### Exercise requirements
Please reproduce, exactly and in full, the lines running from the one that contains "(* h : A -> [0,1] is" to the end of the entries.

### Dataset excerpts

(* (i) Let $I,J$ be sets and $R\colon I\times J\to[0,1]$ a fuzzy relation. Then the mappings $f_R\colon[0,1]^I\to[0,1]^J$ and $g_R\colon[0,1]^J\to[0,1]^I$ satisfy $f_R\leftrightarrows g_R$ (as maps between the power Pavelka algebras $[0,1]^I$ and $[0,1]^J$). (ii) Let $\mathbf A$ and $\mathbf B$ be semisimple Pavelka algebras and let $f\colon A\to B$, $g\colon B\to A$ satisfy $f\leftrightarrows g$. Then there exists a fuzzy relation $R\colon \mathrm{Spec_M}\mathbf A\times\mathrm{Spec_M}\mathbf B\to[0,1]$ (namely $R(F,G)=\bigwedge_{a\in A}(f(a)/G\rightarrow a/F)$) such that $n_{\mathbf B}(f(x))=f_R(n_{\mathbf A}(x))$ for all $x\in A$ and $n_{\mathbf A}(g(y))=g_R(n_{\mathbf B}(y))$ for all $y\in B$, where $f_R,g_R$ are taken with $I=\mathrm{Spec_M}\mathbf A$, $J=\mathrm{Spec_M}\mathbf B$.
   Context: An MV-algebra $(A;\oplus,\neg,0)$ carries derived operations $1=\neg0$, $x\cdot y=\neg(\neg x\oplus\neg y)$, $x\rightarrow y=\neg x\oplus y$, $x\vee y=\neg(\neg x\oplus y)\oplus y$, $x\wedge y=\neg(\neg x\vee\neg y)$, and order $x\le y$ iff $\neg x\oplus y=1$. The standard MV-algebra is $[0,1]$ with $x\oplus y=\min\{x+y,1\}$, $\neg x=1-x$ (so $x\cdot y=\max\{0,x+y-1\}$, $x\rightarrow y=\min\{1,1-x+y\}$). A Pavelka algebra is $\mathbf A=(A;\oplus,\neg,\{\mathbf r\mid r\in[0,1]\cap\mathbb Q\})$ with $(A;\oplus,\neg,\mathbf 0)$ an MV-algebra, $\mathbf r\oplus\mathbf s=\mathbf t$ whenever $\min\{r+s,1\}=t$, and $\neg\mathbf r=\mathbf s$ whenever $1-r=s$. The standard Pavelka algebra is $[0,1]$ with $\mathbf r$ interpreted as $r$; $[0,1]^I$ is its power (componentwise, constants diagonal). A filter of a Pavelka algebra is a filter of its MV-reduct (a nonempty up-set closed under $\cdot$); a maximal filter is a maximal proper filter; $\mathrm{Spec_M}\mathbf A$ is the set of maximal filters. For $F\in\mathrm{Spec_M}\mathbf A$ the quotient $\mathbf A/F$ embeds uniquely into the standard Pavelka algebra and $x/F$ is identified with its image in $[0,1]$. $\mathbf A$ is semisimple if its MV-reduct is a subdirect product of simple MV-algebras. The natural embedding is $n_{\mathbf A}\colon A\to[0,1]^{\mathrm{Spec_M}\mathbf A}$, $n_{\mathbf A}(x)(F)=x/F$. For Pavelka algebras $\mathbf A,\mathbf B$ and maps $f\colon A\to B$, $g\colon B\to A$: $f\leftrightarrows g$ ($f$ is a strong left adjoint of $g$) means that $f,g$ are monotone, $x\le f(y)$ iff $g(x)\le y$ for all $y\in A$, $x\in B$, and $\mathbf r\rightarrow f(x)=f(\mathbf r\rightarrow x)$ for all $x\in A$ and all constants $\mathbf r$ (equivalently $\mathbf r\cdot g(y)=g(\mathbf r\cdot y)$ for all $y\in B$ and constants $\mathbf r$). For $R\colon I\times J\to[0,1]$: $f_R(x)(j)=\bigwedge_{i\in I}(R(i,j)\rightarrow x(i))$ for $x\in[0,1]^I$, $j\in J$; $g_R(y)(i)=\bigvee_{j\in J}(R(i,j)\cdot y(j))$ for $y\in[0,1]^J$, $i\in I$ (operations of the standard MV-algebra). *)

From Stdlib Require Import Reals Lra QArith Qreals.
From Stdlib Require Import Classical ClassicalEpsilon FunctionalExtensionality ProofIrrelevance.
Open Scope R_scope.

Definition U01 := {r : R | 0 <= r <= 1}.

Lemma U01_eq (a b : U01) : proj1_sig a = proj1_sig b -> a = b.
Proof. destruct a, b; simpl; intros ->; f_equal; apply proof_irrelevance. Qed.

Definition Rimp (a b : R) : R := Rmin 1 (1 - a + b).
Definition Rtimes (a b : R) : R := Rmax 0 (a + b - 1).

(* infimum / supremum in the complete lattice [0,1] of (the part in [0,1] of) P;
   inf of the empty family is 1, sup of the empty family is 0 *)
Definition is_inf01 (P : R -> Prop) (r : R) : Prop :=
  0 <= r <= 1 /\ (forall z, P z -> 0 <= z <= 1 -> r <= z) /\
  (forall s, 0 <= s <= 1 -> (forall z, P z -> 0 <= z <= 1 -> s <= z) -> s <= r).
Definition is_sup01 (P : R -> Prop) (r : R) : Prop :=
  0 <= r <= 1 /\ (forall z, P z -> 0 <= z <= 1 -> z <= r) /\
  (forall s, 0 <= s <= 1 -> (forall z, P z -> 0 <= z <= 1 -> z <= s) -> r <= s).

Definition inf01 (P : R -> Prop) : R := epsilon (inhabits 0) (is_inf01 P).
Definition sup01 (P : R -> Prop) : R := epsilon (inhabits 0) (is_sup01 P).

Lemma inf01_exists P : exists r, is_inf01 P r.
Proof.
  set (L := fun s => 0 <= s <= 1 /\ forall z, P z -> 0 <= z <= 1 -> s <= z).
  destruct (completeness L) as [r [Hub Hl]].
  - exists 1; intros s [Hs _]; lra.
  - exists 0; split; [lra|]; intros z _ Hz; lra.
  - exists r. assert (H0 : 0 <= r) by (apply Hub; split; [lra|]; intros z _ Hz; lra).
    assert (H1 : r <= 1) by (apply Hl; intros s [Hs _]; lra).
    split; [lra|]; split.
    + intros z Pz Hz; apply Hl; intros s [_ Hs]; apply Hs; auto.
    + intros s Hs Hb; apply Hub; split; auto.
Qed.

Lemma sup01_exists P : exists r, is_sup01 P r.
Proof.
  set (S := fun z => (P z /\ 0 <= z <= 1) \/ z = 0).
  destruct (completeness S) as [r [Hub Hl]].
  - exists 1; intros z [[_ Hz]| ->]; lra.
  - exists 0; right; reflexivity.
  - exists r. assert (H0 : 0 <= r) by (apply Hub; right; reflexivity).
    assert (H1 : r <= 1) by (apply Hl; intros z [[_ Hz]| ->]; lra).
    split; [lra|]; split.
    + intros z Pz Hz; apply Hub; left; auto.
    + intros s Hs Hb; apply Hl; intros z [[Pz Hz]| ->]; [apply Hb; auto | lra].
Qed.

Lemma inf01_spec P : is_inf01 P (inf01 P).
Proof. unfold inf01; apply epsilon_spec, inf01_exists. Qed.
Lemma sup01_spec P : is_sup01 P (sup01 P).
Proof. unfold sup01; apply epsilon_spec, sup01_exists. Qed.

Lemma inf01_range P : 0 <= inf01 P <= 1.
Proof. apply (proj1 (inf01_spec P)). Qed.
Lemma sup01_range P : 0 <= sup01 P <= 1.
Proof. apply (proj1 (sup01_spec P)). Qed.

Record MVAlgebra := {
  mv_car :> Type;
  mv_oplus : mv_car -> mv_car -> mv_car;
  mv_neg : mv_car -> mv_car;
  mv_zero : mv_car;
  mv_assoc : forall x y z, mv_oplus x (mv_oplus y z) = mv_oplus (mv_oplus x y) z;
  mv_comm : forall x y, mv_oplus x y = mv_oplus y x;
  mv_zero_r : forall x, mv_oplus x mv_zero = x;
  mv_negneg : forall x, mv_neg (mv_neg x) = x;
  mv_one_abs : forall x, mv_oplus x (mv_neg mv_zero) = mv_neg mv_zero;
  mv_luk : forall x y, mv_oplus (mv_neg (mv_oplus (mv_neg x) y)) y
                     = mv_oplus (mv_neg (mv_oplus (mv_neg y) x)) x
}.

Arguments mv_oplus {_}. Arguments mv_neg {_}. Arguments mv_zero {_}.

Section Derived.
Context {A : MVAlgebra}.
Definition mv_one : A := mv_neg mv_zero.
Definition mv_times (x y : A) : A := mv_neg (mv_oplus (mv_neg x) (mv_neg y)).
Definition mv_imp (x y : A) : A := mv_oplus (mv_neg x) y.
Definition mv_join (x y : A) : A := mv_oplus (mv_neg (mv_oplus (mv_neg x) y)) y.
Definition mv_meet (x y : A) : A := mv_neg (mv_join (mv_neg x) (mv_neg y)).
Definition mv_le (x y : A) : Prop := mv_oplus (mv_neg x) y = mv_one.

Definition is_filter (F : A -> Prop) : Prop :=
  (exists x, F x) /\ (forall x y, F x -> mv_le x y -> F y) /\
  (forall x y, F x -> F y -> F (mv_times x y)).
Definition is_proper_filter (F : A -> Prop) : Prop :=
  is_filter F /\ exists x, ~ F x.
Definition is_maximal_filter (F : A -> Prop) : Prop :=
  is_proper_filter F /\
  forall G, is_proper_filter G -> (forall x, F x -> G x) -> forall x, G x -> F x.
End Derived.

Definition mv_hom (A B : MVAlgebra) (h : A -> B) : Prop :=
  (forall x y, h (mv_oplus x y) = mv_oplus (h x) (h y)) /\
  (forall x, h (mv_neg x) = mv_neg (h x)) /\ h mv_zero = mv_zero.

Definition mv_simple (A : MVAlgebra) : Prop :=
  (mv_zero : A) <> mv_one /\
  forall F : A -> Prop, is_filter F -> (forall x, F x -> x = mv_one) \/ (forall x, F x).

(* semisimple: subdirect product of simple MV-algebras, i.e. an injective
   homomorphism into a product of simple algebras whose projections are onto *)
Definition mv_semisimple (A : MVAlgebra) : Prop :=
  exists (K : Type) (B : K -> MVAlgebra) (e : A -> forall k, B k),
    (forall k, mv_simple (B k)) /\
    (forall k, mv_hom A (B k) (fun a => e a k)) /\
    (forall a b, e a = e b -> a = b) /\
    (forall k (y : B k), exists a, e a k = y).

Definition Q01 := {q : Q | (0 <= q <= 1)%Q}.
Definition q01val (q : Q01) : R := Q2R (proj1_sig q).

Record Pavelka := {
  pv_mv :> MVAlgebra;
  pv_cst : Q01 -> pv_mv;
  pv_cst_zero : forall q : Q01, q01val q = 0 -> pv_cst q = mv_zero;
  pv_cst_add : forall r s t : Q01, Rmin (q01val r + q01val s) 1 = q01val t ->
                 mv_oplus (pv_cst r) (pv_cst s) = pv_cst t;
  pv_cst_neg : forall r s : Q01, 1 - q01val r = q01val s ->
                 mv_neg (pv_cst r) = pv_cst s
}.
Arguments pv_cst {_}.

Definition pv_semisimple (A : Pavelka) : Prop := mv_semisimple A.

Definition strong_adj (A B : Pavelka) (f : A -> B) (g : B -> A) : Prop :=
  (forall x y : A, mv_le x y -> mv_le (f x) (f y)) /\
  (forall x y : B, mv_le x y -> mv_le (g x) (g y)) /\
  (forall (y : A) (x : B), mv_le x (f y) <-> mv_le (g x) y) /\
  (forall (x : A) (r : Q01), mv_imp (pv_cst r) (f x) = f (mv_imp (pv_cst r) x)).

Lemma Rmin01 a b : 0 <= a <= 1 -> 0 <= b <= 1 -> 0 <= Rmin (a + b) 1 <= 1.
Proof. intros; unfold Rmin; destruct (Rle_dec _ _); lra. Qed.
Lemma neg01 a : 0 <= a <= 1 -> 0 <= 1 - a <= 1.
Proof. lra. Qed.
Lemma zero01 : 0 <= 0 <= 1.
Proof. lra. Qed.

Definition u_oplus (a b : U01) : U01 :=
  exist _ _ (Rmin01 _ _ (proj2_sig a) (proj2_sig b)).
Definition u_neg (a : U01) : U01 := exist _ _ (neg01 _ (proj2_sig a)).
Definition u_zero : U01 := exist _ 0 zero01.

Lemma q01_range (q : Q01) : 0 <= q01val q <= 1.
Proof.
  destruct q as [q [H0 H1]]; unfold q01val; simpl.
  apply Qle_Rle in H0; apply Qle_Rle in H1.
  replace (Q2R 0) with 0 in H0 by (unfold Q2R; simpl; field).
  replace (Q2R 1) with 1 in H1 by (unfold Q2R; simpl; field).
  split; lra.
Qed.
Definition u_cst (q : Q01) : U01 := exist _ _ (q01_range q).

Ltac mvsolve := unfold Rmin, Rmax; repeat destruct Rle_dec; lra.

Section Power.
Variable I : Type.
Definition p_oplus (x y : I -> U01) : I -> U01 := fun i => u_oplus (x i) (y i).
Definition p_neg (x : I -> U01) : I -> U01 := fun i => u_neg (x i).
Definition p_zero : I -> U01 := fun _ => u_zero.

Ltac pw := intros; apply functional_extensionality;
           let i := fresh "i" in intro i;
           unfold p_oplus, p_neg, p_zero; apply U01_eq; simpl;
           repeat match goal with x : I -> U01 |- _ =>
             let H := fresh in pose proof (proj2_sig (x i)) as H; simpl in H;
             revert H; generalize (proj1_sig (x i)); clear x end;
           intros; mvsolve.

Lemma p_assoc x y z : p_oplus x (p_oplus y z) = p_oplus (p_oplus x y) z. Proof. pw. Qed.
Lemma p_comm x y : p_oplus x y = p_oplus y x. Proof. pw. Qed.
Lemma p_zero_r x : p_oplus x p_zero = x. Proof. pw. Qed.
Lemma p_negneg x : p_neg (p_neg x) = x. Proof. pw. Qed.
Lemma p_one_abs x : p_oplus x (p_neg p_zero) = p_neg p_zero. Proof. pw. Qed.
Lemma p_luk x y : p_oplus (p_neg (p_oplus (p_neg x) y)) y
                = p_oplus (p_neg (p_oplus (p_neg y) x)) x. Proof. pw. Qed.

Definition PowerMV : MVAlgebra :=
  {| mv_car := I -> U01; mv_oplus := p_oplus; mv_neg := p_neg; mv_zero := p_zero;
     mv_assoc := p_assoc; mv_comm := p_comm; mv_zero_r := p_zero_r;
     mv_negneg := p_negneg; mv_one_abs := p_one_abs; mv_luk := p_luk |}.

Definition p_cst (q : Q01) : PowerMV := fun _ => u_cst q.

Lemma p_cst_zero (q : Q01) : q01val q = 0 -> p_cst q = mv_zero.
Proof. intros H; apply functional_extensionality; intro i; apply U01_eq; simpl; auto. Qed.
Lemma p_cst_add (r s t : Q01) : Rmin (q01val r + q01val s) 1 = q01val t ->
  mv_oplus (p_cst r) (p_cst s) = p_cst t.
Proof. intros H; apply functional_extensionality; intro i; apply U01_eq; simpl; auto. Qed.
Lemma p_cst_neg (r s : Q01) : 1 - q01val r = q01val s -> mv_neg (p_cst r) = p_cst s.
Proof. intros H; apply functional_extensionality; intro i; apply U01_eq; simpl; auto. Qed.

Definition PowerPav : Pavelka :=
  {| pv_mv := PowerMV; pv_cst := p_cst; pv_cst_zero := p_cst_zero;
     pv_cst_add := p_cst_add; pv_cst_neg := p_cst_neg |}.
End Power.

Definition fR {I J : Type} (Rel : I -> J -> U01) (x : I -> R) : J -> R :=
  fun j => inf01 (fun z => exists i, z = Rimp (proj1_sig (Rel i j)) (x i)).
Definition gR {I J : Type} (Rel : I -> J -> U01) (y : J -> R) : I -> R :=
  fun i => sup01 (fun z => exists j, z = Rtimes (proj1_sig (Rel i j)) (y j)).

Definition fR01 {I J : Type} (Rel : I -> J -> U01) (x : PowerPav I) : PowerPav J :=
  fun j => exist _ (fR Rel (fun i => proj1_sig (x i)) j) (inf01_range _).
Definition gR01 {I J : Type} (Rel : I -> J -> U01) (y : PowerPav J) : PowerPav I :=
  fun i => exist _ (gR Rel (fun j => proj1_sig (y j)) i) (sup01_range _).

Definition SpecM (A : Pavelka) : Type := {F : A -> Prop | is_maximal_filter F}.

(* h : A -> [0,1] is (the composite of the quotient map A -> A/F with) an
   embedding of the Pavelka algebra A/F into the standard Pavelka algebra [0,1]:
   a Pavelka homomorphism into [0,1] identifying exactly the F-congruent elements *)
Definition quotient_embedding (A : Pavelka) (F : A -> Prop) (h : A -> R) : Prop :=
  (forall a, 0 <= h a <= 1) /\
  (forall a b, h (mv_oplus a b) = Rmin (h a + h b) 1) /\
  (forall a, h (mv_neg a) = 1 - h a) /\
  (forall q : Q01, h (pv_cst q) = q01val q) /\
  (forall a b, h a = h b <-> F (mv_times (mv_imp a b) (mv_imp b a))).

(* x/F, identified with its image in [0,1] *)
Definition qval {A : Pavelka} (F : SpecM A) (x : A) : R :=
  epsilon (inhabits 0)
    (fun r => exists h, quotient_embedding A (proj1_sig F) h /\ h x = r).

### Answer to this task
(* h : A -> [0,1] is (the composite of the quotient map A -> A/F with) an
   embedding of the Pavelka algebra A/F into the standard Pavelka algebra [0,1]:
   a Pavelka homomorphism into [0,1] identifying exactly the F-congruent elements *)
Definition quotient_embedding (A : Pavelka) (F : A -> Prop) (h : A -> R) : Prop :=
  (forall a, 0 <= h a <= 1) /\
  (forall a b, h (mv_oplus a b) = Rmin (h a + h b) 1) /\
  (forall a, h (mv_neg a) = 1 - h a) /\
  (forall q : Q01, h (pv_cst q) = q01val q) /\
  (forall a b, h a = h b <-> F (mv_times (mv_imp a b) (mv_imp b a))).

(* x/F, identified with its image in [0,1] *)
Definition qval {A : Pavelka} (F : SpecM A) (x : A) : R :=
  epsilon (inhabits 0)
    (fun r => exists h, quotient_embedding A (proj1_sig F) h /\ h x = r).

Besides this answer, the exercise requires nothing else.